In recent years, postbiotics derived from live microorganisms have gained increasing attention in the field of microbe-host interactions. Multiple strains of Lpb. plantarum exhibit the ability to secrete extracellular vesicles (EVs) that encapsulate SCFAs, proteins, and metabolites [162]. Lpb. plantarum-derived EVs (LEVs) can cross the BBB and be internalized by host cells via receptor-mediated phagocytosis, direct membrane fusion, or endocytosis [163,164]. Once internalized, LEV cargos may interact with host immune receptors such as Toll-like receptor 2, subsequently activating downstream nuclear factor-κB signaling pathways and modulating immune cell phenotypes [162]. Furthermore, emerging evidence indicates that LEVs contain small RNAs that are functionally similar to host miRNAs, which may integrate into the human genome and exert gene-regulatory effects [165].
Recent studies have demonstrated that LEVs can drive monocytes toward an anti-inflammatory M2 macrophage phenotype, accompanied by elevated secretion of interleukin-10 [166,167]. In neuronal cells, LEVs have been shown to upregulate BDNF expression, and neurotrophins are inversely correlated with α-syn expression [168,169,170]. Additionally, LEVs have been reported to reduce neuronal apoptosis in ischemic stroke models through miR-101a-3p-mediated mechanisms [171]. Although substantial evidence supports LEV-induced M2 macrophage polarization, the regulatory roles of LEV in CNS glial cells, such as microglia and astrocytes, remain largely unexplored.
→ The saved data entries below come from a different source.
(* Let $\Omega\subset\mathbb{R}^3$ be a connected bounded open set with $C^2$ boundary and let $0<d<\min\{1,\delta\}$, where $\delta=\delta(\Omega)$ is as in the context. Then $\Omega\setminus\Omega_{d/8}$ is pathwise connected: for any $x'_1,x'_2\in\Omega\setminus\Omega_{d/8}$ there is a continuous curve in $\Omega\setminus\Omega_{d/8}$ joining $x'_1$ and $x'_2$.
   Context: $\Omega_\epsilon:=\{x\in\Omega:d(x,\partial\Omega)<\epsilon\}$. $\delta(\Omega)>0$ is a number such that for each $0<d<\min\{1,\delta\}$ there are $x_1^0,\dots,x_{m_1}^0\in\partial\Omega$ with $\partial\Omega\subset\bigcup_iB(x_i^0,d/8)$ and, for each $i$, an orthonormal basis $\{e_i^1,e_i^2,-n(x_i^0)\}$ ($n$ the outward unit normal) and a $C^2$ function $\phi_i:\mathbb{R}^2\to\mathbb{R}$, $\phi_i(0)=0$, $\nabla\phi_i(0)=0$, $|\nabla\phi_i|<\frac1{100}$, such that inside $B(x_i^0,3d)$ (open and closed) $\partial\Omega$ is the graph $\{x_i^0+u_1e_i^1+u_2e_i^2-\phi_i(u_1,u_2)n(x_i^0)\}$ and $\Omega$ is the region $u_3>\phi_i(u_1,u_2)$ in coordinates $x_i^0+u_1e_i^1+u_2e_i^2-u_3n(x_i^0)$, and $B(x_i^0-\frac d2n(x_i^0),\frac d2)\subset B(x_i^0,d)\cap\Omega$. *)

From Stdlib Require Import Reals Lra.
From Coquelicot Require Import Coquelicot.
Open Scope R_scope.

Record vec3 := mk3 { c1 : R; c2 : R; c3 : R }.

Definition vadd (u v : vec3) : vec3 := mk3 (c1 u + c1 v) (c2 u + c2 v) (c3 u + c3 v).
Definition vscal (a : R) (u : vec3) : vec3 := mk3 (a * c1 u) (a * c2 u) (a * c3 u).
Definition vopp (u : vec3) : vec3 := vscal (-1) u.
Definition vsub (u v : vec3) : vec3 := vadd u (vopp v).
Definition vdot (u v : vec3) : R := c1 u * c1 v + c2 u * c2 v + c3 u * c3 v.
Definition vnorm (u : vec3) : R := sqrt (vdot u u).
Definition vdist (x y : vec3) : R := vnorm (vsub x y).
(* Let $f\in\mathbb{Z}[[x]]$ with $f(0)=0$, $f'(0)\in\{1,-1\}$, let $\rho,\sigma,\pi\in\mathbb{Z}$, and set $$g(x)=\left(\frac{f(x)}{x}\right)^{\rho}\big(f'(x)\big)^{\sigma}\left(\frac{f(x)-1}{x-1}\right)^{\pi}.$$ Suppose the Riordan array $\upsilon_f[\rho,\sigma,\pi]=(g(x),f(x))$ is an involution. Then the almost Riordan array $$\left(\left(\frac{f(x)}{x}\right)^{\rho-1}\big(f'(x)\big)^{\sigma}\left(\frac{f(x)-1}{x-1}\right)^{\pi};\ g(x),\ f(x)\right)$$ is also an involution in the group of almost Riordan arrays of first order.
   Context: All matrices are infinite lower-triangular with rows and columns indexed by $n,k\ge0$. $[x^n]h(x)$ denotes the coefficient of $x^n$ in $h$. The Riordan array $(g,f)$ is the matrix with entries $[x^n]g(x)f(x)^k$; it is an involution if $(g,f)^2=(1,x)$, equivalently $g(x)g(f(x))=1$ and $f(f(x))=x$. An almost Riordan array of first order $(a;g,f)$ has associated matrix $M$ with $M_{0,0}=a_0$, $M_{0,k}=0$ for $k\ge1$, $M_{n,0}=a_n$ for $n\ge1$, and $M_{n,k}=[x^{n-1}]\,g(x)f(x)^{k-1}$ for $n,k\ge1$; it is an involution if $M^2=I$. *)

(* Formal power series over Z are coefficient sequences nat -> int;
   infinite lower-triangular matrices are functions nat -> nat -> int. *)
From HB Require Import structures.
From mathcomp Require Import all_boot all_order all_algebra.
Set Implicit Arguments. Unset Strict Implicit. Unset Printing Implicit Defensive.
Import Order.TTheory GRing.Theory Num.Theory.
Local Open Scope ring_scope.

Definition ps := nat -> int.

Definition psone : ps := fun n => (n == 0%N)%:R.
Definition pssub (a b : ps) : ps := fun n => a n - b n.
Definition psmul (a b : ps) : ps := fun n => \sum_(i < n.+1) a i * b (n - i)%N.
Definition pspow (a : ps) (k : nat) : ps := iter k (psmul a) psone.

(* multiplicative inverse of a series whose constant term is a unit of Z
   (coefficients computed by the standard recursion) *)
Fixpoint psinv_seq (a : ps) (n : nat) : seq int :=
  match n with
  | 0%N => [:: (a 0%N)^-1]
  | n'.+1 => let s := psinv_seq a n' in
      rcons s (- (a 0%N)^-1 * \sum_(1 <= i < n'.+2) a i * s`_(n'.+1 - i))
  end.
Definition psinv (a : ps) : ps := fun n => (psinv_seq a n)`_n.

Definition pszpow (a : ps) (z : int) : ps :=
  match z with
  | Posz k => pspow a k
  | Negz k => pspow (psinv a) k.+1
  end.

Definition psderiv (a : ps) : ps := fun n => a n.+1 *+ n.+1.
(* a(x)/x, for a with a(0) = 0 *)
Definition psdivx (a : ps) : ps := fun n => a n.+1.
(* the all-ones series 1/(1-x) *)
Definition psgeom : ps := fun _ => 1.
(* (a(x)-1)/(x-1) = (1-a(x)) * 1/(1-x) *)
Definition psquot1 (a : ps) : ps := psmul (pssub psone a) psgeom.

Definition imat := nat -> nat -> int.
Definition imul (A B : imat) : imat :=
  fun n k => \sum_(j < n.+1) A n j * B j k.
Definition iid : imat := fun n k => (n == k)%:R.
Definition involution (M : imat) : Prop := forall n k, imul M M n k = iid n k.

Definition riordan (g f : ps) : imat := fun n k => psmul g (pspow f k) n.

Definition almost_riordan (a g f : ps) : imat := fun n k =>
  match k, n with
  | 0%N, _ => a n
  | _.+1, 0%N => 0
  | k'.+1, n'.+1 => psmul g (pspow f k') n'
  end.

Definition upsilon_g (f : ps) (rho sigma pi : int) : ps :=
  psmul (psmul (pszpow (psdivx f) rho) (pszpow (psderiv f) sigma))
        (pszpow (psquot1 f) pi).

(* If the Riordan array R = (g, f) is an involution, write T_h for the Toeplitz
   matrix of a series h and D for the shift matrix (ones on the subdiagonal).
   Then R D = T_f R, D T_(f/x) = T_f, and T_(f/x) M = R for the almost Riordan
   array M of the theorem, because its first column a satisfies a (f/x) = g.
   From R^2 = 1 these relations give D = R T_f R = D (T_(f/x) R)^2, hence
   (T_(f/x) R)^2 = 1 since D is left cancellable; so also (R T_(f/x))^2 = 1,
   M = R T_(f/x), and M^2 = 1. *)
From mathcomp Require Import all_boot all_algebra.
From mathcomp Require Import zify.
From Stdlib Require Import FunctionalExtensionality.
Set Implicit Arguments. Unset Strict Implicit. Unset Printing Implicit Defensive.
Import GRing.Theory.
Local Open Scope ring_scope.

Lemma ps_ext (a b : ps) : (forall n, a n = b n) -> a = b.
Proof. exact: functional_extensionality. Qed.

Lemma imat_ext (A B : imat) : (forall n k, A n k = B n k) -> A = B.
Proof. by move=> eqAB; do 2![apply: functional_extensionality => ?]. Qed.

Definition ps_trunc (N : nat) (a : ps) : {poly int} := \poly_(i < N) a i.

Lemma psmul_trunc a b N n : (n < N)%N ->
  psmul a b n = (ps_trunc N a * ps_trunc N b)`_n.
Proof.
move=> ltnN; rewrite coefM; apply: eq_bigr => -[i /= lein] _.
by rewrite !coef_poly !(leq_ltn_trans _ ltnN) ?leq_subr // -ltnS.
Qed.

Lemma coef_trunc_psmul a b N n : (n < N)%N ->
  (ps_trunc N (psmul a b))`_n = (ps_trunc N a * ps_trunc N b)`_n.
Proof. by move=> ltnN; rewrite coef_poly ltnN (psmul_trunc a b ltnN). Qed.

Lemma coefM_eql (p q r : {poly int}) n :
  (forall j, (j <= n)%N -> p`_j = q`_j) -> (p * r)`_n = (q * r)`_n.
Proof.
by move=> eqpq; rewrite !coefM; apply: eq_bigr => i _; rewrite eqpq // -ltnS.
Qed.

Lemma psmulC a b : psmul a b = psmul b a.
Proof.
apply: ps_ext => n.
by rewrite (psmul_trunc a b (ltnSn n)) (psmul_trunc b a (ltnSn n)) mulrC.
Qed.

Lemma psmulA a b c : psmul a (psmul b c) = psmul (psmul a b) c.
Proof.
apply: ps_ext => n; rewrite !(psmul_trunc _ _ (ltnSn n)).
have trunc_mul x y j : (j <= n)%N ->
    (ps_trunc n.+1 (psmul x y))`_j = (ps_trunc n.+1 x * ps_trunc n.+1 y)`_j.
  by move=> lejn; rewrite coef_trunc_psmul.
rewrite mulrC (coefM_eql _ (trunc_mul b c)) (coefM_eql _ (trunc_mul a b)).
by rewrite mulrC mulrA.
Qed.

Lemma psmul1 a : psmul psone a = a.
Proof.
apply: ps_ext => n; rewrite /psmul big_ord_recl /= mul1r subn0 big1 ?addr0 //.
by move=> i _; rewrite mul0r.
Qed.

Lemma psmulr1 a : psmul a psone = a.
Proof. by rewrite psmulC psmul1. Qed.

Definition psshift (a : ps) : ps := fun n => if n is n'.+1 then a n' else 0.

Lemma psmul_shiftl a b : psmul (psshift a) b = psshift (psmul a b).
Proof.
apply: ps_ext => -[|n]; rewrite /psmul big_ord_recl /= mul0r add0r //.
by rewrite big_ord0.
Qed.

Lemma psmul_shiftr a b : psmul a (psshift b) = psshift (psmul a b).
Proof. by rewrite psmulC psmul_shiftl psmulC. Qed.

Lemma psshift_divx f : f 0%N = 0 -> psshift (psdivx f) = f.
Proof. by move=> f0; apply: ps_ext => -[]. Qed.

Lemma size_psinv_seq a n : size (psinv_seq a n) = n.+1.
Proof. by elim: n => //= n IHn; rewrite size_rcons IHn. Qed.

Lemma nth_psinv_seq a n i : (i <= n)%N -> (psinv_seq a n)`_i = psinv a i.
Proof.
elim: n => [|n IHn]; first by rewrite leqn0 => /eqP ->.
rewrite leq_eqVlt => /orP[/eqP -> // | ltin].
by rewrite /= nth_rcons size_psinv_seq ltin IHn.
Qed.

Lemma psinvS a n : psinv a n.+1 =
  - (a 0%N)^-1 * \sum_(1 <= i < n.+2) a i * psinv a (n.+1 - i)%N.
Proof.
rewrite /psinv /= nth_rcons size_psinv_seq ltnn eqxx; congr (_ * _).
apply: eq_big_nat => -[|i] // _; rewrite nth_psinv_seq //.
by rewrite subSS leq_subr.
Qed.

Lemma psmulVr a : a 0%N \is a GRing.unit -> psmul (psinv a) a = psone.
Proof.
move=> ua; rewrite psmulC; apply: ps_ext => -[|n]; rewrite /psmul /psone.
  by rewrite big_ord1 mulrV.
rewrite big_ord_recl /= subn0 psinvS mulrA mulrN mulrV // mulN1r.
rewrite big_add1 big_mkord addrC; apply/eqP; rewrite subr_eq0; apply/eqP.
by apply: eq_bigr => i _; rewrite /bump /= add1n.
Qed.

Lemma pszpow_subr1 h z : h 0%N \is a GRing.unit ->
  psmul (pszpow h (z - 1)) h = pszpow h z.
Proof.
move=> /psmulVr hVh; case: z => [[|k]|k].
- by have -> : Posz 0 - 1 = Negz 0 by []; rewrite /= psmulr1 hVh.
- have -> : Posz k.+1 - 1 = Posz k by lia.
  by rewrite /= psmulC.
- have -> : Negz k - 1 = Negz k.+1 by rewrite !NegzE; lia.
  by rewrite /= -psmulA (psmulC _ h) psmulA hVh psmul1.
Qed.

Lemma upsilon_g_subr1 f rho sigma pi : f 1%N \is a GRing.unit ->
  psmul (upsilon_g f (rho - 1) sigma pi) (psdivx f) = upsilon_g f rho sigma pi.
Proof.
move=> uf1; rewrite /upsilon_g -psmulA (psmulC _ (psdivx f)) psmulA.
by rewrite -(psmulA _ _ (psdivx f)) (psmulC _ (psdivx f)) psmulA pszpow_subr1.
Qed.

Local Notation "A ** B" := (imul A B) (at level 40, left associativity).

Definition lower_tri (A : imat) := forall n k, (n < k)%N -> A n k = 0.

Definition shiftm : imat := fun n k => (n == k.+1)%:R.

Definition toeplitz (b : ps) : imat :=
  fun n k => if (k <= n)%N then b (n - k)%N else 0.

Lemma lower_tri_shiftm : lower_tri shiftm.
Proof. by move=> n k ltnk; rewrite /shiftm ltn_eqF // ltnW. Qed.

Lemma lower_tri_toeplitz b : lower_tri (toeplitz b).
Proof. by move=> n k ltnk; rewrite /toeplitz leqNgt ltnk. Qed.

Lemma lower_tri_imul A B : lower_tri B -> lower_tri (A ** B).
Proof.
move=> lB n k ltnk; rewrite /imul big1 // => -[j /= ltjn] _.
by rewrite lB ?mulr0 // (leq_ltn_trans _ ltnk) // -ltnS.
Qed.

Lemma sum_mul_delta (F : nat -> int) N m :
  \sum_(j < N) F j * ((j : nat) == m)%:R = if (m < N)%N then F m else 0.
Proof.
elim: N => [|N IHN]; first by rewrite big_ord0.
rewrite big_ord_recr /= IHN ltnS.
by case: ltngtP => [_|_|->]; rewrite ?mulr0 ?addr0 ?mulr1 ?add0r.
Qed.

Lemma imulA A B C : lower_tri B -> A ** B ** C = A ** (B ** C).
Proof.
move=> lB; apply: imat_ext => n k; rewrite /imul.
under eq_bigr => j _ do rewrite big_distrl /=.
rewrite exchange_big /=; apply: eq_bigr => -[i /= ltin] _.
rewrite big_distrr /= (big_ord_widen n.+1 (fun j => A n i * (B i j * C j k))) //.
rewrite [RHS]big_mkcond /=; apply: eq_bigr => j _.
by rewrite mulrA; case: ltnP => // ltij; rewrite lB ?mulr0 ?mul0r.
Qed.

Lemma imul1m A : iid ** A = A.
Proof.
apply: imat_ext => n k; rewrite /imul /iid.
under eq_bigr => j _ do rewrite mulrC eq_sym.
by rewrite (sum_mul_delta (fun j => A j k)) ltnSn.
Qed.

Lemma imulm1 A : lower_tri A -> A ** iid = A.
Proof.
move=> lA; apply: imat_ext => n k; rewrite /imul /iid sum_mul_delta.
by case: ltnP => // ltnk; rewrite lA.
Qed.

Lemma imul_shiftm A n k : (shiftm ** A) n k = if n is n'.+1 then A n' k else 0.
Proof.
rewrite /imul /shiftm; case: n => [|n].
  by rewrite big1 // => j _; rewrite mul0r.
under eq_bigr => j _ do rewrite eqSS mulrC eq_sym.
by rewrite (sum_mul_delta (fun j => A j k)) ltnS leqnSn.
Qed.

Lemma imulm_shiftm A : lower_tri A -> forall n k, (A ** shiftm) n k = A n k.+1.
Proof.
move=> lA n k; rewrite /imul /shiftm sum_mul_delta.
by case: ltnP => // ltnk; rewrite lA.
Qed.

Lemma imul_toeplitz b A n k : (toeplitz b ** A) n k = psmul (A^~ k) b n.
Proof. by apply: eq_bigr => -[j /= ltjn] _; rewrite /toeplitz -ltnS ltjn mulrC. Qed.

Lemma shiftm_lcancel A B : shiftm ** A = shiftm ** B -> A = B.
Proof.
by move=> eqAB; apply: imat_ext => n k; move: (congr1 (fun C => C n.+1 k) eqAB);
  rewrite /= !imul_shiftm.
Qed.

Section ShiftRelations.

Variables R N T M : imat.
Hypotheses (lR : lower_tri R) (lN : lower_tri N).
Hypotheses (RR : R ** R = iid) (RD : R ** shiftm = T ** R).
Hypotheses (DN : shiftm ** N = T) (NM : N ** M = R).

Lemma NR_involutive : N ** R ** (N ** R) = iid.
Proof.
have lNR : lower_tri (N ** R) by exact: lower_tri_imul.
apply: shiftm_lcancel; rewrite (imulm1 lower_tri_shiftm).
rewrite -(imulA _ _ lNR) -(imulA shiftm _ lN) DN -RD (imulA _ _ lower_tri_shiftm).
by rewrite -(imulA _ _ lN) DN -RD -(imulA _ _ lR) RR imul1m.
Qed.

Lemma RN_involutive : R ** N ** (R ** N) = iid.
Proof.
have := congr1 (fun X => R ** (X ** R)) NR_involutive.
rewrite /= imul1m RR (imulA (N ** R) R (lower_tri_imul N lR)) (imulA N R lR) RR.
by rewrite (imulm1 lN) (imulA N N lR) -(imulA R (R ** N) lN).
Qed.

Lemma involution_of_shift_relations : M ** M = iid.
Proof.
have eqM : M = R ** N.
  have lRN : lower_tri (R ** N) by exact: lower_tri_imul.
  rewrite -[LHS]imul1m -RN_involutive (imulA (R ** N) M lRN) (imulA R M lN).
  by rewrite NM RR (imulm1 lRN).
by rewrite eqM RN_involutive.
Qed.

End ShiftRelations.

Lemma pspow_eq0 f k n : f 0%N = 0 -> (n < k)%N -> pspow f k n = 0.
Proof.
move=> f0; elim: k n => // k IHk n ltnk; rewrite /= /psmul big1 // => -[[|i] /= ltin] _.
  by rewrite f0 mul0r.
by rewrite IHk ?mulr0 //; lia.
Qed.

Lemma lower_tri_riordan g f : f 0%N = 0 -> lower_tri (riordan g f).
Proof.
move=> f0 n k ltnk; rewrite /riordan /psmul big1 // => i _.
by rewrite pspow_eq0 ?mulr0 // (leq_ltn_trans _ ltnk) ?leq_subr.
Qed.

Lemma riordan_shiftm g f : f 0%N = 0 ->
  riordan g f ** shiftm = toeplitz f ** riordan g f.
Proof.
move=> f0; apply: imat_ext => n k.
rewrite (imulm_shiftm (lower_tri_riordan g f0)) imul_toeplitz /riordan /=.
by rewrite -psmulA (psmulC (pspow f k)).
Qed.

Lemma shiftm_toeplitz_divx f : f 0%N = 0 ->
  shiftm ** toeplitz (psdivx f) = toeplitz f.
Proof.
move=> f0; apply: imat_ext => -[|n] k; rewrite imul_shiftm /toeplitz.
  by case: k.
case: (ltngtP k n.+1) => [ltkn|ltnk|->]; last by rewrite ltnn subnn f0.
- by rewrite -ltnS ltkn /psdivx subSn.
- by rewrite leqNgt ltnW.
Qed.

Lemma toeplitz_divx_almost_riordan a g f : f 0%N = 0 -> psmul a (psdivx f) = g ->
  toeplitz (psdivx f) ** almost_riordan a g f = riordan g f.
Proof.
move=> f0 ag; apply: imat_ext => n [|k]; rewrite imul_toeplitz /riordan.
  by rewrite -ag psmulr1.
have -> : (almost_riordan a g f)^~ k.+1 = psshift (psmul g (pspow f k)).
  by apply: ps_ext => -[].
rewrite psmul_shiftl -psmul_shiftr (psshift_divx f0) /=.
by rewrite -psmulA (psmulC (pspow f k)).
Qed.

Lemma involutionE A : involution A <-> A ** A = iid.
Proof. by split=> [/imat_ext | AA n k]; last rewrite AA. Qed.

Theorem mainTheorem11 (f : ps) (rho sigma pi : int) :
  f 0%N = 0 ->
  (f 1%N = 1 \/ f 1%N = -1) ->
  involution (riordan (upsilon_g f rho sigma pi) f) ->
  involution (almost_riordan (upsilon_g f (rho - 1) sigma pi)
                             (upsilon_g f rho sigma pi) f).
Proof.
move=> f0 f1 /involutionE RR; apply/involutionE.
have uf1 : f 1%N \is a GRing.unit by case: f1 => ->; rewrite ?unitr1 ?unitrN1.
apply: (involution_of_shift_relations (lower_tri_riordan _ f0)
          (lower_tri_toeplitz _) RR (riordan_shiftm _ f0) (shiftm_toeplitz_divx f0)).
exact/toeplitz_divx_almost_riordan/upsilon_g_subr1.
Qed.
Lemma ln_one_sub_pow_pred_increment (x y xr : R) : 0 < x -> x < y -> y <= xr -> xr <= 1/2 ->
  - ((INR k - 1) * xr^(k-2) / (1 - xr^(k-1))) * (y - x)
    <= ln (1 - y^(k-1)) - ln (1 - x^(k-1)).
Proof.
  intros Hx Hxy Hy Hxr.
  pose proof (pow_pred_bounds x ltac:(lra)). pose proof (pow_pred_bounds y ltac:(lra)).
  pose proof (pow_pred_bounds xr ltac:(lra)).
  pose proof (pow_pred_sub_le k x y xr ltac:(lia) ltac:(lra) Hy) as Hdiff.
  assert (y^(k-1) <= xr^(k-1)) by (apply pow_incr; lra).
  assert (x^(k-1) <= y^(k-1)) by (apply pow_incr; lra).
  assert (0 <= xr^(k-2)) by (apply pow_le; lra).
  assert (Hk3 : INR 3 <= INR k) by (apply le_INR; lia). simpl in Hk3.
  pose proof (ln_sub_ln_ge (1 - y^(k-1)) (1 - x^(k-1)) ltac:(lra) ltac:(lra)) as Hln.
  assert ((y^(k-1) - x^(k-1)) / (1 - y^(k-1))
          <= (INR k - 1) * xr^(k-2) * (y - x) / (1 - xr^(k-1))).
  { apply Rle_trans with ((INR k - 1) * xr^(k-2) * (y - x) / (1 - y^(k-1))).
    - apply Rmult_le_compat_r; [left; apply Rinv_0_lt_compat|]; lra.
    - apply Rmult_le_compat_l; [nra|]. apply Rinv_le_contravar; lra. }
  replace (1 - y^(k-1) - (1 - x^(k-1))) with (- (y^(k-1) - x^(k-1))) in Hln by ring.
  replace (- (y^(k-1) - x^(k-1)) / (1 - y^(k-1)))
    with (- ((y^(k-1) - x^(k-1)) / (1 - y^(k-1)))) in Hln by (field; lra).
  replace (- ((INR k - 1) * xr^(k-2) / (1 - xr^(k-1))) * (y - x))
    with (- ((INR k - 1) * xr^(k-2) * (y - x) / (1 - xr^(k-1)))) by (field; lra).
  lra.
Qed.

Lemma Phi_increasing_of_bounds (d xl xr : R) : 1 <= d -> 0 < xl -> xr <= 1/2 ->
  0 <= d * (1 - / INR k) - 1 ->
  (d - 1) * (INR k - 1) * xr^(k-2) / (1 - xr^(k-1)) <
    1 / (1 - xl) + (d * (1 - / INR k) - 1) * (2 * INR k * xl^(k-1)) / (1 - 2 * xl^k) ->
  strictly_increasing_on (Phi k d) xl xr.
Proof.
  intros Hd Hxl Hxr HD HC x y Hx Hxy Hy.
  rewrite !Phi_eq by lra.
  set (D' := d * (1 - / INR k) - 1) in *.
  pose proof (ln_one_sub_increment xl x y Hx Hxy ltac:(lra)) as T1.
  pose proof (ln_one_sub_two_pow_increment xl x y ltac:(lra) Hxy ltac:(lra)) as T2.
  pose proof (ln_one_sub_pow_pred_increment x y xr ltac:(lra) Hxy Hy Hxr) as T3.
  apply (Rmult_le_compat_l D') in T2; [|exact HD].
  apply (Rmult_le_compat_l (d - 1)) in T3; [|lra].
  assert (0 < (y - x) * (1 / (1 - xl) + D' * (2 * INR k * xl^(k-1)) / (1 - 2 * xl^k)
                         - (d - 1) * (INR k - 1) * xr^(k-2) / (1 - xr^(k-1))))
    by (apply Rmult_lt_0_compat; lra).
  pose proof (pow_k_bounds xl ltac:(lra)). pose proof (pow_pred_bounds xr ltac:(lra)).
  replace ((y - x) / (1 - xl)) with ((y - x) * (1 / (1 - xl))) in T1 by (field; lra).
  replace (D' * (2 * INR k * xl^(k-1) / (1 - 2 * xl^k) * (y - x)))
    with ((y - x) * (D' * (2 * INR k * xl^(k-1)) / (1 - 2 * xl^k))) in T2 by (field; lra).
  replace ((d - 1) * (- ((INR k - 1) * xr^(k-2) / (1 - xr^(k-1))) * (y - x)))
    with (- ((y - x) * ((d - 1) * (INR k - 1) * xr^(k-2) / (1 - xr^(k-1))))) in T3 by (field; lra).
  lra.
Qed.

End PsiFacts.

(** * Reduction to three properties of Psi *)

Definition Psi_gap_decreasing (k : nat) : Prop :=
  forall d, in_d_interval k d ->
    strictly_decreasing_on (fun x => Psi k d x - x) (root_lo k) (1/2).

Definition holds_above_subsolution (k : nat) (d : R) (P : R -> Prop) : Prop :=
  exists x0, root_lo k <= x0 <= 1/2 /\ x0 <= Psi k d x0 /\
    forall x, x0 <= x <= 1/2 -> P x.

Lemma continuity_pt_eps (f : R -> R) (x0 eps : R) : continuity_pt f x0 -> 0 < eps ->
  exists del, 0 < del /\ forall x, Rabs (x - x0) < del -> Rabs (f x - f x0) < eps.
Proof.
  intros H He. destruct (H eps He) as [a [Ha Hx]].
  exists a. split; [lra|]. intros x Hxa.
  destruct (Req_dec x x0) as [->|Hn].
  - rewrite Rminus_diag, Rabs_R0. lra.
  - apply Hx. repeat split; auto.
Qed.

Lemma limit1_in_ext (f g : R -> R) (D : R -> Prop) (l x0 : R) :
  (forall x, D x -> f x = g x) -> limit1_in f D l x0 -> limit1_in g D l x0.
Proof.
  intros Hfg H eps He. destruct (H eps He) as [a [Ha Hx]].
  exists a. split; [exact Ha|]. intros x [Dx Hdx]. rewrite <- Hfg by exact Dx.
  apply Hx. split; assumption.
Qed.

Lemma limit1_in_comp_continuous (f g : R -> R) (D : R -> Prop) (x0 : R) :
  limit1_in f D (f x0) x0 -> continuity_pt g (f x0) ->
  limit1_in (fun x => g (f x)) D (g (f x0)) x0.
Proof.
  intros Hf Hg eps He.
  destruct (continuity_pt_eps g (f x0) eps Hg He) as [a [Ha Hga]].
  destruct (Hf a Ha) as [b [Hb Hfb]].
  exists b. split; [exact Hb|]. intros x Hx. apply Hga, Hfb, Hx.
Qed.

Section Reduction.
Variable k : nat.
Hypothesis hk : (3 <= k)%nat.
Hypothesis lbd_ge_1 : 1 <= d_lbd k.
Hypothesis lbd_le_ubd : d_lbd k <= d_ubd k.
Hypothesis root_lo_lt_Psi_lbd : root_lo k < Psi k (d_lbd k) (root_lo k).
Hypothesis gap_decreasing : Psi_gap_decreasing k.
Given their capacity to cross the BBB, it has been hypothesized that Lpb. plantarum alleviates neuroinflammation by secreting LEVs that promote microglial M2 polarization.
EECs, which constitute a key interface between the gut epithelium and luminal microbiota, have been proposed as an initial site for α-syn aggregation in the gut [94]. Although direct evidence for microbial EV uptake by EECs is currently lacking, this possibility has attracted increasing scientific interest. For example, milk-derived EVs have been shown to enter EECs and disrupt α-syn homeostasis via the miRNA-148a/DNMT1 pathway, as well as interfere with autophagy-related miRNA-148a/PPARGC1A and miRNA-21/LAMP2A axes [172]. Moreover, Akkermansia muciniphila, which is frequently enriched in the gut microbiota of patients with PD, has been demonstrated that its culture medium induces mitochondrial calcium imbalance in EECs, thereby promoting α-syn aggregation [173]. This calcium imbalance is speculated to be mediated by A. muciniphila-derived metabolites, secreted factors, or EVs that interfere with the intracellular calcium regulation. Based on these findings, it is speculated that Lpb. plantarum may mitigate α-syn aggregation and its pathological progression in EECs through EV-mediated mechanisms.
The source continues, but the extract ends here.